Task data.
Definition zero_der (k : fieldType) (A : aops k) : A -> A := fun _ => a0 A.
Arguments ext_der {k A} d D c f.
Arguments laurent {k A} d.
Arguments zero_der {k} A _.

From HB Require Import structures.
From mathcomp Require Import all_boot all_order all_algebra zify.
From Stdlib Require Import ClassicalEpsilon FunctionalExtensionality ProofIrrelevance.
Import Order.TTheory GRing.Theory Num.Theory.
Set Implicit Arguments. Unset Strict Implicit. Unset Printing Implicit Defensive.
Local Open Scope ring_scope.

(* The augmentation [eps] kills every derivation [D] of [U(N)] that maps [N]
   into [N]: [eps + (eps o D) E] is an algebra map into the dual numbers
   [k[E]/(E^2)] agreeing with [eps] on [N], hence equal to it by the universal
   property of [U(N)].  This applies to [d_w], [d_v], [d_u], since a bracket
   with an element of [N] = ker rho lies in [N] (the bracket of [H] is
   bilinear with values in the centre).

   Applying an algebra map [f] coefficientwise to skew Laurent series gives an
   algebra map [A((t; d)) -> B((t; d'))] as soon as [f o d = d' o f], because
   the product only involves [d]; such maps also intertwine the extended
   derivations.  So [Phi_w] is [eps] coefficientwise.  It sends the extended
   [d_v] and [d_u] to the extension of [0] with [t^-1 |-> eps [w,v] = 0] resp.
   [eps [w,u] = 0], i.e. to the zero derivation, which is also [d_x] on
   [k((t_z))]; so [Phi_v] is [Phi_w] coefficientwise.  Since [Phi_w] maps
   [t_w^-1] to [t_z^-1], [Phi_v] intertwines the extended [d_u] with [d_x],
   and [Phi_u] is [Phi_v] coefficientwise. *)

Lemma sorted_irange lo hi : sorted <%O (irange lo hi).
Proof.
rewrite /irange; case: ifP => // _.
rewrite sorted_map; apply: (sub_sorted _ (iota_ltn_sorted _ _)).
move=> i j /=; lia.
Qed.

Work to be completed.
After reading the entries, reproduce every one of them exactly.

Solution for this problem.
Definition zero_der (k : fieldType) (A : aops k) : A -> A := fun _ => a0 A.
Arguments ext_der {k A} d D c f.
Arguments laurent {k A} d.
Arguments zero_der {k} A _.

From HB Require Import structures.
From mathcomp Require Import all_boot all_order all_algebra zify.
From Stdlib Require Import ClassicalEpsilon FunctionalExtensionality ProofIrrelevance.
Import Order.TTheory GRing.Theory Num.Theory.
Set Implicit Arguments. Unset Strict Implicit. Unset Printing Implicit Defensive.
Local Open Scope ring_scope.

(* The augmentation [eps] kills every derivation [D] of [U(N)] that maps [N]
   into [N]: [eps + (eps o D) E] is an algebra map into the dual numbers
   [k[E]/(E^2)] agreeing with [eps] on [N], hence equal to it by the universal
   property of [U(N)].  This applies to [d_w], [d_v], [d_u], since a bracket
   with an element of [N] = ker rho lies in [N] (the bracket of [H] is
   bilinear with values in the centre).

   Applying an algebra map [f] coefficientwise to skew Laurent series gives an
   algebra map [A((t; d)) -> B((t; d'))] as soon as [f o d = d' o f], because
   the product only involves [d]; such maps also intertwine the extended
   derivations.  So [Phi_w] is [eps] coefficientwise.  It sends the extended
   [d_v] and [d_u] to the extension of [0] with [t^-1 |-> eps [w,v] = 0] resp.
   [eps [w,u] = 0], i.e. to the zero derivation, which is also [d_x] on
   [k((t_z))]; so [Phi_v] is [Phi_w] coefficientwise.  Since [Phi_w] maps
   [t_w^-1] to [t_z^-1], [Phi_v] intertwines the extended [d_u] with [d_x],
   and [Phi_u] is [Phi_v] coefficientwise. *)

Lemma sorted_irange lo hi : sorted <%O (irange lo hi).
Proof.
rewrite /irange; case: ifP => // _.
rewrite sorted_map; apply: (sub_sorted _ (iota_ltn_sorted _ _)).
move=> i j /=; lia.
Qed.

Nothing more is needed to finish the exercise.